PROBLEM REQUIREMENTS: Each line of the data below from the one holding "match A return val A -> chg A -> val A with" to the one holding "Fixpoint ominus (A", inclusive, is to be reproduced exactly; no other line belongs in the answer.

Segment Open

(* In the calculus described in the context, for every well-typed expression $e:A\leadsto B$ (in which every user-defined operation carries a consistent incrementalization, and every occurrence of $+$ is at a type $A$ with $[\![A]\!]=[\![A]\!]'$ and with $\oplus$ associative and commutative on $[\![A]\!]$), the triple $(C_e,i_e,d_e)$ produced by the incrementalization transformation is a value preserving incrementalization of $[\![e]\!]$: for all $x\in[\![A]\!]$ and all finite lists $xs'$ of changes in $[\![A]\!]'$, $(\mathsf{iter}\,(C_e,i_e,d_e)\,x\,xs')_1=[\![e]\!](\mathsf{sum}\,x\,xs')$.
   Context: Fix a container: a type $S$ of shapes and for each $s:S$ an index type $\mathrm{Pos}(s)$ with decidable equality. Fix a base change structure $(\beta,\beta',\oplus,\ominus)$ with $x\oplus(y\ominus x)=y$. Object types: $A,B::=\mathsf{b}\mid F_sA\mid A\times B\mid A+B$. Value/change types with $\oplus,\ominus$: $[\![\mathsf b]\!]=\beta$, $[\![\mathsf b]\!]'=\beta'$; $[\![F_sA]\!]=\mathrm{Pos}(s)\to[\![A]\!]$, $[\![F_sA]\!]'=\mathrm{Pos}(s)\to[\![A]\!]'$ (pointwise); products componentwise; $[\![A+B]\!]=[\![A]\!]+[\![B]\!]$ ($\iota_1,\iota_2$), $[\![A+B]\!]'$ with constructors $\mathsf{cl}\,a',\mathsf{cr}\,b',\mathsf{sl}\,a,\mathsf{sr}\,b,\mathsf{null}$, where $\iota_1x\oplus\mathsf{cl}x'=\iota_1(x\oplus x')$, $\iota_1x\oplus\mathsf{cr}y'=\iota_1x$, $\iota_2y\oplus\mathsf{cl}x'=\iota_2y$, $\iota_2y\oplus\mathsf{cr}y'=\iota_2(y\oplus y')$, $z\oplus\mathsf{sl}x=\iota_1x$, $z\oplus\mathsf{sr}y=\iota_2y$, $z\oplus\mathsf{null}=z$; $\iota_1x\ominus\iota_1y=\mathsf{cl}(x\ominus y)$, $\iota_1x\ominus\iota_2y=\mathsf{sl}x$, $\iota_2x\ominus\iota_1y=\mathsf{sr}x$, $\iota_2x\ominus\iota_2y=\mathsf{cr}(x\ominus y)$. An incrementalization of $f:[\![A]\!]\to[\![B]\!]$ is $(C,i,d)$ with $i:[\![A]\!]\to[\![B]\!]\times C$, $d:[\![A]\!]'\to C\to[\![B]\!]'\times C$; it is consistent if $(i\,x)_1=f\,x$, $f(x\oplus x')=f\,x\oplus(d\,x'(i\,x)_2)_1$, $(i(x\oplus x'))_2=(d\,x'(i\,x)_2)_2$. A user-defined operation $o:\mathsf{Op}\,A\,B$ is a function $f_o$ with a consistent incrementalization of $f_o$. Define $\mathsf{iter}\,(C,i,d)\,x\,[\,]=i\,x$, $\mathsf{iter}\,(C,i,d)\,x\,(x'::xs')=(y\oplus y',c_2)$ where $(y,c_1)=\mathsf{iter}\,(C,i,d)\,x\,xs'$, $(y',c_2)=d\,x'\,c_1$; $\mathsf{sum}\,x\,[\,]=x$, $\mathsf{sum}\,x\,(x'::xs')=(\mathsf{sum}\,x\,xs')\oplus x'$. Expressions, typing and denotation ($i:\mathrm{Pos}(s)$; $r:\mathrm{Pos}(s_2)\to\mathrm{Pos}(s_1)$; $p:\mathrm{Pos}(s)\to\mathbb B$; $c\in[\![A]\!]$): $e_1;e_2$ (composition, $[\![e_2]\!]\circ[\![e_1]\!]$); $e_1\times e_2:A\times C\leadsto B\times D$ (componentwise); $\mathsf{id}$; $\mathsf{dup}:A\leadsto A\times A$, $x\mapsto(x,x)$; $\mathsf{fst},\mathsf{snd}$; $\mathsf{cst}\,c:B\leadsto A$, $x\mapsto c$; $+:A\times A\leadsto A$, $(x,y)\mapsto x\oplus y$ (only when $[\![A]\!]=[\![A]\!]'$); $\mathsf{op}\,o:A\leadsto B$ denoting $f_o$; $\mathsf{map}\,e:F_sA\leadsto F_sB$, $x\mapsto\lambda i.[\![e]\!](x\,i)$; $\mathsf{zip}:F_sA\times F_sB\leadsto F_s(A\times B)$, $(x,y)\mapsto\lambda i.(x\,i,y\,i)$; $\mathsf{get}\,i:F_sA\leadsto A$, $x\mapsto x\,i$; $\mathsf{set}\,i:A\times F_sA\leadsto F_sA$, $(x,a)\mapsto\lambda j.\,\mathsf{if}\ i=j\ \mathsf{then}\ x\ \mathsf{else}\ a\,j$; $\mathsf{reshape}\,r:F_{s_1}A\leadsto F_{s_2}A$, $x\mapsto\lambda i.x(r\,i)$; $\mathsf{replicate}\,s:A\leadsto F_sA$, $x\mapsto\lambda i.x$; $\mathsf{tp}:F_{s_1}(F_{s_2}A)\leadsto F_{s_2}(F_{s_1}A)$, $x\mapsto\lambda i\lambda j.x\,j\,i$; $\mathsf{filter}\,p:A\times F_sA\leadsto F_sA$, $(x,a)\mapsto\lambda i.\,\mathsf{if}\ p\,i\ \mathsf{then}\ a\,i\ \mathsf{else}\ x$; $\mathsf{inl},\mathsf{inr}$; $\mathsf{fuse}:A+A\leadsto A$, $\iota_kx\mapsto x$; $\mathsf{distr}:A\times(B+C)\leadsto A\times B+A\times C$, $(x,\iota_ky)\mapsto\iota_k(x,y)$; $e_1\|e_2:A+C\leadsto B+D$, $\iota_1x\mapsto\iota_1([\![e_1]\!]x)$, $\iota_2x\mapsto\iota_2([\![e_2]\!]x)$. Incrementalization transformation $e\mapsto(C_e,i_e,d_e)$: • $e\in\{\mathsf{id},\mathsf{dup},\mathsf{fst},\mathsf{snd},\mathsf{zip},\mathsf{tp},\mathsf{get}\,i,\mathsf{set}\,i,\mathsf{reshape}\,r,\mathsf{replicate}\,s,\mathsf{filter}\,p\}$: $C_e=\mathsf{Unit}$, $i_ex=([\![e]\!]x,\star)$, $d_ex'\star=(e\text{'s defining equation applied to the change }x',\star)$. $\mathsf{inl}/\mathsf{inr}$: $C=\mathsf{Unit}$, $i\,x=(\iota_kx,\star)$, derivatives $x'\mapsto\mathsf{cl}\,x'$, resp. $y'\mapsto\mathsf{cr}\,y'$. • $\mathsf{cst}\,c$: $C=\mathsf{Unit}$, $i\,x=(c,\star)$, $d\,x'\star=(c\ominus c,\star)$. $+$: $C=\mathsf{Unit}$, $i(x,y)=(x\oplus y,\star)$, $d(x',y')\star=(x'\oplus y',\star)$. $\mathsf{op}\,o$: the given incrementalization. • $f;g$: $C=C_f\times C_g$; $i\,x=(z,(c_1,c_2))$, $(y,c_1)=i_fx$, $(z,c_2)=i_gy$; $d\,x'(c_1,c_2)=(z',(c_1',c_2'))$, $(y',c_1')=d_fx'c_1$, $(z',c_2')=d_gy'c_2$. • $f\times g$: $C=C_f\times C_g$, initialization and derivative computed componentwise from those of $f$ and $g$. • $\mathsf{map}_sf$: $C=\mathrm{Pos}(s)\to C_f$, $i\,x=(\lambda j.(i_f(xj))_1,\lambda j.(i_f(xj))_2)$, $d\,x'c=(\lambda j.(d_f(x'j)(cj))_1,\lambda j.(d_f(x'j)(cj))_2)$. • $\mathsf{fuse}$: $C=[\![A]\!]+[\![A]\!]$, $i(\iota_kx)=(x,\iota_kx)$; $d(\mathsf{cl}x')(\iota_1x)=(x',\iota_1(x\oplus x'))$, $d(\mathsf{cr}y')(\iota_1x)=(x\ominus x,\iota_1x)$, $d(\mathsf{cl}x')(\iota_2y)=(y\ominus y,\iota_2y)$, $d(\mathsf{cr}y')(\iota_2y)=(y',\iota_2(y\oplus y'))$, $d(\mathsf{sl}x)(\iota_kx_0)=(x\ominus x_0,\iota_1x)$, $d(\mathsf{sr}y)(\iota_ky_0)=(y\ominus y_0,\iota_2y)$, $d\,\mathsf{null}(\iota_kx)=(x\ominus x,\iota_kx)$. • $\mathsf{distr}$: $C=[\![A]\!]\times([\![B]\!]+[\![C]\!])$, $i(x,\iota_ky)=(\iota_k(x,y),(x,\iota_ky))$; $d(x',\mathsf{cl}y')(x,\iota_1y)=(\mathsf{cl}(x',y'),(x\oplus x',\iota_1(y\oplus y')))$; $d(x',\mathsf{cr}y')(x,\iota_1y)=(\mathsf{cl}(x',y\ominus y),(x\oplus x',\iota_1y))$; $d(x',\mathsf{cl}y')(x,\iota_2y)=(\mathsf{cr}(x',y\ominus y),(x\oplus x',\iota_2y))$; $d(x',\mathsf{cr}y')(x,\iota_2y)=(\mathsf{cr}(x',y'),(x\oplus x',\iota_2(y\oplus y')))$; $d(x',\mathsf{sl}y)(x,\_)=(\mathsf{sl}(x\oplus x',y),(x\oplus x',\iota_1y))$; $d(x',\mathsf{sr}y)(x,\_)=(\mathsf{sr}(x\oplus x',y),(x\oplus x',\iota_2y))$; $d(x',\mathsf{null})(x,\iota_1y)=(\mathsf{cl}(x',y\ominus y),(x\oplus x',\iota_1y))$; $d(x',\mathsf{null})(x,\iota_2y)=(\mathsf{cr}(x',y\ominus y),(x\oplus x',\iota_2y))$. • $f\|g$ ($f:A_1\leadsto B_1,g:A_2\leadsto B_2$): $C=C_f\times[\![B_1]\!]+C_g\times[\![B_2]\!]$; $i(\iota_1x)=(\iota_1y,\iota_1(c,y))$ with $(y,c)=i_fx$ (analogously $\iota_2$, $g$); $d(\mathsf{cl}x')(\iota_1(c,y))=(\mathsf{cl}y',\iota_1(c',y\oplus y'))$, $(y',c')=d_fx'c$; $d(\mathsf{cr}x')(\iota_1(c,y))=(\mathsf{null},\iota_1(c,y))$; $d(\mathsf{cl}x')(\iota_2(c,y))=(\mathsf{null},\iota_2(c,y))$; $d(\mathsf{cr}x')(\iota_2(c,y))=(\mathsf{cr}y',\iota_2(c',y\oplus y'))$, $(y',c')=d_gx'c$; with $(y,c)=i_fx$: $d(\mathsf{sl}x)(\iota_1(c_0,y_0))=(\mathsf{cl}(y\ominus y_0),\iota_1(c,y))$, $d(\mathsf{sl}x)(\iota_2\_)=(\mathsf{sl}y,\iota_1(c,y))$; with $(y,c)=i_gx$: $d(\mathsf{sr}x)(\iota_1\_)=(\mathsf{sr}y,\iota_2(c,y))$, $d(\mathsf{sr}x)(\iota_2(c_0,y_0))=(\mathsf{cr}(y\ominus y_0),\iota_2(c,y))$; $d\,\mathsf{null}\,z=(\mathsf{null},z)$. *)

From Stdlib Require Import List.
Record container := {
  shape : Type;
  pos : shape -> Type;
  pos_eqdec : forall (s : shape) (i j : pos s), {i = j} + {i <> j}
}.

Record bcs := {
  bval : Type;
  bchg : Type;
  boplus : bval -> bchg -> bval;
  bominus : bval -> bval -> bchg;
  boplus_ominus : forall x y : bval, boplus x (bominus y x) = y
}.

Inductive schg (X X' Y Y' : Type) : Type :=
| cl (x' : X') | cr (y' : Y') | sl (x : X) | sr (y : Y) | snull.
Arguments cl {X X' Y Y'} x'.
Arguments cr {X X' Y Y'} y'.
Arguments sl {X X' Y Y'} x.
Arguments sr {X X' Y Y'} y.
Arguments snull {X X' Y Y'}.

Section Calculus.
Variable K : container.
Variable BC : bcs.

Inductive ty : Type :=
| tb : ty
| tF : shape K -> ty -> ty
| tprod : ty -> ty -> ty
| tsum : ty -> ty -> ty.

Fixpoint val (A : ty) : Type :=
  match A with
  | tb => bval BC
  | tF s A => pos K s -> val A
  | tprod A B => (val A * val B)%type
  | tsum A B => (val A + val B)%type
  end.

Fixpoint chg (A : ty) : Type :=
  match A with
  | tb => bchg BC
  | tF s A => pos K s -> chg A
  | tprod A B => (chg A * chg B)%type
  | tsum A B => schg (val A) (chg A) (val B) (chg B)
  end.

Fixpoint oplus (A : ty) : val A -> chg A -> val A :=
  match A return val A -> chg A -> val A with
  | tb => boplus BC
  | tF s A => fun x x' i => oplus A (x i) (x' i)
  | tprod A B => fun x x' => (oplus A (fst x) (fst x'), oplus B (snd x) (snd x'))
  | tsum A B => fun z z' =>
      match z, z' with
      | inl x, cl x' => inl (oplus A x x')
      | inl x, cr _ => inl x
      | inr y, cl _ => inr y
      | inr y, cr y' => inr (oplus B y y')
      | _, sl x => inl x
      | _, sr y => inr y
      | z, snull => z
      end
  end.

Fixpoint ominus (A : ty) : val A -> val A -> chg A :=
  match A return val A -> val A -> chg A with
  | tb => bominus BC
  | tF s A => fun x y i => ominus A (x i) (y i)
  | tprod A B => fun x y => (ominus A (fst x) (fst y), ominus B (snd x) (snd y))
  | tsum A B => fun z w =>
      match z, w with
      | inl x, inl y => cl (ominus A x y)
      | inl x, inr _ => sl x
      | inr x, inl _ => sr x
      | inr x, inr y => cr (ominus B x y)
      end
  end.

Arguments oplus {A}.
Arguments ominus {A}.

Record incr (A B : ty) := {
  Cache : Type;
  ini : val A -> val B * Cache;
  der : chg A -> Cache -> chg B * Cache
}.
Arguments Cache {A B} i.
Arguments ini {A B} i _.
Arguments der {A B} i _ _.
Arguments Build_incr {A B} Cache ini der.

Definition consistent (A B : ty) (f : val A -> val B) (I : incr A B) : Prop :=
  (forall x, fst (ini I x) = f x) /\
  (forall x x', f (oplus x x') = oplus (f x) (fst (der I x' (snd (ini I x))))) /\
  (forall x x', snd (ini I (oplus x x')) = snd (der I x' (snd (ini I x)))).

Record Op (A B : ty) := {
  op_fun : val A -> val B;
  op_incr : incr A B;
  op_consistent : consistent A B op_fun op_incr
}.
Arguments op_fun {A B} o _.
Arguments op_incr {A B} o.
Arguments consistent {A B} f I.


Definition to_chg (A : ty) (H : val A = chg A) (y : val A) : chg A :=
  eq_rect (val A) (fun T : Type => T) y (chg A) H.
Definition to_val (A : ty) (H : val A = chg A) (y : chg A) : val A :=
  eq_rect (chg A) (fun T : Type => T) y (val A) (eq_sym H).
Arguments to_chg {A} H y.
Arguments to_val {A} H y.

Segment Closed

YOUR RESPONSE:
  match A return val A -> chg A -> val A with
  | tb => boplus BC
  | tF s A => fun x x' i => oplus A (x i) (x' i)
  | tprod A B => fun x x' => (oplus A (fst x) (fst x'), oplus B (snd x) (snd x'))
  | tsum A B => fun z z' =>
      match z, z' with
      | inl x, cl x' => inl (oplus A x x')
      | inl x, cr _ => inl x
      | inr y, cl _ => inr y
      | inr y, cr y' => inr (oplus B y y')
      | _, sl x => inl x
      | _, sr y => inr y
      | z, snull => z
      end
  end.

Fixpoint ominus (A : ty) : val A -> val A -> chg A :=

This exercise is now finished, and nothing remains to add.